Records from a collection

------------

(* Let $n\ge1$ and let $q:\Delta_n\to C_n(S^1)$ be $q(w_1,\dots,w_n)=\{w_1\bmod 1,\dots,w_n\bmod 1\}$. If $\sigma,\sigma'$ are two faces of $\Delta_n$ with the same number of vertices which are both extremal, then $q(\sigma)=q(\sigma')$; and if they are both non-extremal, then $q(\sigma)=q(\sigma')$.
   Context: $S^1=[0,1]/(0\sim1)=\mathbb{R}/\mathbb{Z}$. $C_n(S^1)$ is the set of nonempty subsets of $S^1$ with at most $n$ elements, topologized as a quotient of $(S^1)^n$ via $(x_1,\dots,x_n)\mapsto\{x_1,\dots,x_n\}$. $\Delta_n\subset\mathbb{R}^n$ is the $n$-simplex with vertices $b_0=0$ and $b_k=e_1+\dots+e_k$ for $1\le k\le n$ ($e_i$ the standard basis vectors). A face of $\Delta_n$ is extremal if its vertex set contains both $b_0$ and $b_n$, and non-extremal otherwise. *)

From HB Require Import structures.
From mathcomp Require Import all_boot all_order all_algebra.
From mathcomp Require Import boolp classical_sets reals.
Set Implicit Arguments. Unset Strict Implicit. Unset Printing Implicit Defensive.
Import Order.TTheory GRing.Theory Num.Theory.
Local Open Scope ring_scope.
Local Open Scope classical_set_scope.

(* A point of S^1 = R/Z is represented by its unique representative in [0,1). *)
Definition mod1 {R : realType} (x : R) : R := x - (Num.floor x)%:~R.

(* Vertex b_k = e_1 + ... + e_k of Delta_n (b_0 = 0), k = 0..n. *)
Definition bvert {R : realType} (n : nat) (k : 'I_n.+1) : 'rV[R]_n :=
  \row_(i < n) (if (i < k)%N then 1 else 0).

Definition face {R : realType} (n : nat) (V : {set 'I_n.+1}) : set 'rV[R]_n :=
  [set w | exists t : 'I_n.+1 -> R,
     (forall k, 0 <= t k) /\ (forall k, k \notin V -> t k = 0) /\
     \sum_k t k = 1 /\ w = \sum_(k in V) t k *: bvert k].

(* q(w_1,...,w_n) = {w_1 mod 1, ..., w_n mod 1}, an element of C_n(S^1)
   represented as a subset of [0,1). *)
Definition qmap {R : realType} (n : nat) (w : 'rV[R]_n) : set R :=
  [set mod1 (w ord0 i) | i in [set: 'I_n]].

Definition qface {R : realType} (n : nat) (V : {set 'I_n.+1}) : set (set R) :=
  (@qmap R n) @` face V.

Definition extremal (n : nat) (V : {set 'I_n.+1}) : bool :=
  (ord0 \in V) && (ord_max \in V).

From mathcomp Require Import all_boot all_order all_algebra.
From mathcomp Require Import boolp classical_sets reals.
From mathcomp Require Import zify.
Set Implicit Arguments. Unset Strict Implicit. Unset Printing Implicit Defensive.
Import Order.TTheory GRing.Theory Num.Theory.
Local Open Scope ring_scope.
Local Open Scope classical_set_scope.

(* List the vertices of a face with vertex set V as b_(k_0), ..., b_(k_(m-1))
   with k_0 < ... < k_(m-1). A point of the face is sum_l u_l b_(k_l) with
   barycentric weights u, and its i-th coordinate is the tail sum
   T_j = u_j + ... + u_(m-1), where j is the first index with i < k_j. As i
   ranges over 0..n-1, j takes every value 1..m-1, the value 0 exactly when
   b_0 is not a vertex and the value m exactly when b_n is not a vertex. Since
   T_0 = 1 and T_m = 0 both reduce to 0 mod 1, q(sigma) is the set of all
   {T_1, ..., T_(m-1)} mod 1, with 0 added when sigma is non-extremal: it
   depends only on m and on whether sigma is extremal. *)

Lemma mod1_0 (R : realType) : mod1 (0 : R) = 0.
Proof. by rewrite /mod1 -(mulr0z 1) intrKfloor mulr0z subr0. Qed.

Lemma mod1_1 (R : realType) : mod1 (1 : R) = 0.
Proof. by rewrite /mod1 -[X in Num.floor X]/(1%:~R) intrKfloor subrr. Qed.

Definition tail_sum (R : realType) (m : nat) (u : nat -> R) (j : nat) : R :=
  \sum_(j <= l < m) u l.

Definition weights (R : realType) (m : nat) : set (nat -> R) :=
  [set u | (forall l : nat, 0 <= u l) /\ \sum_(l < m) u l = 1].

Definition q_tails (R : realType) (m : nat) (u : nat -> R) (ext : bool) :
    set R :=
  [set mod1 (tail_sum m u j) | j in [set j : nat | (1 <= j < m)%N]] `|`
  (if ext then set0 else [set 0]).

Lemma tail_sum0 (R : realType) m (u : nat -> R) :
  \sum_(l < m) u l = 1 -> tail_sum m u 0 = 1.
Proof. by rewrite /tail_sum big_mkord. Qed.

Lemma tail_sum_size (R : realType) m (u : nat -> R) : tail_sum m u m = 0.
Proof. by rewrite /tail_sum big_geq. Qed.

Section FaceOfVertexSet.
Variables (n : nat) (V : {set 'I_n.+1}).
Local Notation m := #|V|.

Definition vtx (l : nat) : 'I_n.+1 := nth ord0 (enum V) l.
Definition vtx_rank (k : 'I_n.+1) : nat := index k (enum V).

Lemma vtx_in l : (l < m)%N -> vtx l \in V.
Proof. by move=> lm; rewrite -mem_enum /vtx mem_nth // -cardE. Qed.

Lemma vtx_rank_lt k : k \in V -> (vtx_rank k < m)%N.
Proof. by move=> kV; rewrite cardE /vtx_rank index_mem mem_enum. Qed.

Lemma vtx_rankK k : k \in V -> vtx (vtx_rank k) = k.
Proof. by move=> kV; rewrite /vtx /vtx_rank nth_index // mem_enum. Qed.

Lemma vtxK l : (l < m)%N -> vtx_rank (vtx l) = l.
Proof. by move=> lm; rewrite /vtx /vtx_rank index_uniq ?enum_uniq -?cardE. Qed.

Lemma big_vtx (M : nmodType) (F : 'I_n.+1 -> M) :
  \sum_(k in V) F k = \sum_(l < m) F (vtx l).
Proof. by rewrite -big_enum (big_nth ord0) -cardE big_mkord. Qed.

Let ltn_ord_trans : transitive (fun a b : 'I_n.+1 => (a < b)%N).
Proof. by move=> a b c; apply: ltn_trans. Qed.

Lemma sorted_enum_set : sorted (fun a b : 'I_n.+1 => (a < b)%N) (enum V).
Proof.
rewrite /enum_mem -enumT; apply: sorted_filter => //.
by have := iota_ltn_sorted 0 n.+1; rewrite -val_enum_ord sorted_map.
Qed.

Lemma ltn_vtx l1 l2 : (l1 < m)%N -> (l2 < m)%N ->
  (vtx l1 < vtx l2)%N = (l1 < l2)%N.
Proof.
have vtx_homo := sorted_ltn_nth ltn_ord_trans ord0 sorted_enum_set.
move=> l1m l2m; apply/idP/idP => [|lt12]; last first.
  by apply: vtx_homo; rewrite ?inE -?cardE.
apply: contraTT; rewrite -!leqNgt leq_eqVlt => /orP[/eqP->//|lt21].
by apply/ltnW/vtx_homo; rewrite ?inE -?cardE.
Qed.

Definition cut (i : nat) : nat := find (fun k : 'I_n.+1 => (i < k)%N) (enum V).

Lemma cut_le i : (cut i <= m)%N.
Proof. by rewrite cardE find_size. Qed.

Lemma ltn_vtx_cut i l : (l < m)%N -> (i < vtx l)%N = (cut i <= l)%N.
Proof.
move=> lm; case: (ltnP l (cut i)) => [lt_cut | cut_le_l].
  exact: (before_find ord0 lt_cut).
have cut_lt : (cut i < m)%N := leq_ltn_trans cut_le_l lm.
have has_gt : has (fun k : 'I_n.+1 => (i < k)%N) (enum V).
  by rewrite has_find -cardE.
have i_lt_cut : (i < vtx (cut i))%N := nth_find ord0 has_gt.
apply: (leq_trans i_lt_cut).
move: cut_le_l; rewrite leq_eqVlt => /orP[/eqP-> // | lt].
by apply: ltnW; rewrite [(_ < _)%N]ltn_vtx.
Qed.

Lemma cut_gt0 i : ord0 \in V -> (0 < cut i)%N.
Proof.
move=> V0; have := ltn_vtx_cut i (vtx_rank_lt V0).
by rewrite vtx_rankK //= ltn0 => /esym/negbT; rewrite -ltnNge; apply: leq_trans.
Qed.

Lemma cut_lt i : (i < n)%N -> ord_max \in V -> (cut i < m)%N.
Proof.
move=> ltin Vn; have := ltn_vtx_cut i (vtx_rank_lt Vn).
rewrite vtx_rankK //= ltin => /esym cut_le_rank.
exact: leq_ltn_trans cut_le_rank (vtx_rank_lt Vn).
Qed.

Lemma cut_vtx j : (1 <= j < m)%N -> cut (vtx j.-1) = j.
Proof.
case/andP=> j1 jm; have j1m : (j.-1 < m)%N by lia.
have := ltn_vtx_cut (vtx j.-1) jm; have := ltn_vtx_cut (vtx j.-1) j1m.
rewrite ltnn ltn_vtx //; lia.
Qed.

Lemma cut0 : ord0 \notin V -> cut 0 = 0%N.
Proof.
rewrite /cut => V0; case: (enum V) (mem_enum V) => //= k s enumV.
have : k != ord0 by apply: contraNneq V0 => <-; rewrite -enumV inE eqxx.
by rewrite -val_eqE /= lt0n => ->.
Qed.

Lemma cut_last : ord_max \notin V -> cut n.-1 = m.
Proof.
move=> Vn; rewrite cardE; apply: hasNfind; apply/hasPn => k.
rewrite mem_enum => kV; have : k != ord_max by apply: contraNneq Vn => <-.
by rewrite -val_eqE /= -leqNgt; move: (ltn_ord k); lia.
Qed.

Variable R : realType.

Definition face_pt (u : nat -> R) : 'rV[R]_n :=
  \sum_(l < m) u l *: bvert (vtx l).

Lemma face_pt_coord u (i : 'I_n) : face_pt u ord0 i = tail_sum m u (cut i).
Proof.
rewrite /face_pt summxE.
transitivity (\sum_(l < m) if (cut i <= l)%N then u l else 0).
  apply: eq_bigr => l _; rewrite mxE /bvert mxE -ltn_vtx_cut //.
  by case: ifP; rewrite ?mulr1 ?mulr0.
rewrite -(big_mkord xpredT (fun l => if (cut i <= l)%N then u l else 0)).
rewrite (big_cat_nat (leq0n _) (cut_le i)) /= big_nat big1 ?add0r.
  by apply: eq_big_nat => l /andP[-> _].
by move=> l /andP[_]; rewrite ltnNge => /negbTE ->.
Qed.

Lemma face_eq : face V = face_pt @` weights m.
Proof.
apply/seteqP; split => w.
  case=> t [t_ge0 [t_supp [t_sum ->]]].
  exists (t \o vtx); last by rewrite big_vtx.
  split=> //=; rewrite -big_vtx -t_sum [RHS](bigID (mem V)) /=.
  by rewrite [X in _ = _ + X]big1 ?addr0.
case=> u [u_ge0 u_sum] <-.
exists (fun k => if k \in V then u (vtx_rank k) else 0).
split; first by move=> k; case: ifP.
split; first by move=> k /negbTE ->.
split.
  by rewrite -big_mkcond /= big_vtx -u_sum; apply: eq_bigr => l _; rewrite vtxK.
by rewrite big_vtx; apply: eq_bigr => l _; rewrite vtx_in // vtxK.
Qed.

Lemma qmap_face_pt_sub (u : nat -> R) : \sum_(l < m) u l = 1 ->
  qmap (face_pt u) `<=` q_tails m u (extremal V).
Proof.
move=> u_sum _ [i _ <-]; rewrite face_pt_coord.
have [cut_eq0 | cut_pos] := posnP (cut i).
  have /negbTE-> : ~~ extremal V.
    apply: contraPN cut_eq0 => /andP[V0 _].
    by apply/eqP; rewrite -lt0n cut_gt0.
  by right; rewrite cut_eq0 tail_sum0 // mod1_1.
have [cut_ltm | cut_gem] := ltnP (cut i) m.
  by left; exists (cut i) => //; apply/andP.
have cut_eqm : cut i = m by apply/eqP; rewrite eqn_leq cut_le.
have /negbTE-> : ~~ extremal V.
  apply/negP => /andP[_ Vn].
  by move: (cut_lt (ltn_ord i) Vn); rewrite cut_eqm ltnn.
by right; rewrite cut_eqm tail_sum_size mod1_0.
Qed.

Lemma q_tails_sub_qmap (u : nat -> R) : (1 <= n)%N -> \sum_(l < m) u l = 1 ->
  q_tails m u (extremal V) `<=` qmap (face_pt u).
Proof.
move=> n_gt0 u_sum x [[j jm <-] | ].
  have vtx_lt_n : (vtx j.-1 < n)%N.
    have : (vtx j.-1 < vtx j)%N by rewrite ltn_vtx //=; move: jm => /=; lia.
    by move/leq_trans; apply; rewrite -ltnS ltn_ord.
  by exists (Ordinal vtx_lt_n) => //; rewrite face_pt_coord /= cut_vtx.
case: (boolP (extremal V)) => //= /nandP[V0 | Vn] ->.
  exists (Ordinal n_gt0) => //.
  by rewrite face_pt_coord /= cut0 // tail_sum0 // mod1_1.
have ltn1n : (n.-1 < n)%N by lia.
exists (Ordinal ltn1n) => //.
by rewrite face_pt_coord /= cut_last // tail_sum_size mod1_0.
Qed.

Lemma qmap_face_pt (u : nat -> R) : (1 <= n)%N -> \sum_(l < m) u l = 1 ->
  qmap (face_pt u) = q_tails m u (extremal V).
Proof.
move=> n_gt0 u_sum.
by apply/seteqP; split; [exact: qmap_face_pt_sub | exact: q_tails_sub_qmap].
Qed.

Lemma qface_eq : (1 <= n)%N ->
  qface (R := R) V = [set q_tails m u (extremal V) | u in weights m].
Proof.
move=> n_gt0; rewrite /qface face_eq; apply/seteqP; split => x.
  case=> _ [u [u_ge0 u_sum] <-] <-; exists u => //.
  by rewrite qmap_face_pt.
case=> u [u_ge0 u_sum] <-; exists (face_pt u); first by exists u.
by rewrite qmap_face_pt.
Qed.

End FaceOfVertexSet.

Theorem lemma10p1 (R : realType) (n : nat) (hn : (1 <= n)%N)
  (V V' : {set 'I_n.+1}) (hV : V != finset.set0) (hV' : V' != finset.set0)
  (hcard : #|V| = #|V'|) :
  ((extremal V /\ extremal V') -> qface (R := R) V = qface V') /\
  ((~~ extremal V /\ ~~ extremal V') -> qface (R := R) V = qface V').
Proof.
rewrite !qface_eq // hcard.
by split => [[-> ->] | [/negbTE -> /negbTE ->]].
Qed.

------------

_Exercise_: Which lines run from the one holding "move=> Vn; rewrite" through the one holding "rewrite -(big_mkord xpredT" in the records above? Repeat them exactly, both included, and nothing more.

_Response to this exercise_:
move=> Vn; rewrite cardE; apply: hasNfind; apply/hasPn => k.
rewrite mem_enum => kV; have : k != ord_max by apply: contraNneq Vn => <-.
by rewrite -val_eqE /= -leqNgt; move: (ltn_ord k); lia.
Qed.

Variable R : realType.

Definition face_pt (u : nat -> R) : 'rV[R]_n :=
  \sum_(l < m) u l *: bvert (vtx l).

Lemma face_pt_coord u (i : 'I_n) : face_pt u ord0 i = tail_sum m u (cut i).
Proof.
rewrite /face_pt summxE.
transitivity (\sum_(l < m) if (cut i <= l)%N then u l else 0).
  apply: eq_bigr => l _; rewrite mxE /bvert mxE -ltn_vtx_cut //.
  by case: ifP; rewrite ?mulr1 ?mulr0.
rewrite -(big_mkord xpredT (fun l => if (cut i <= l)%N then u l else 0)).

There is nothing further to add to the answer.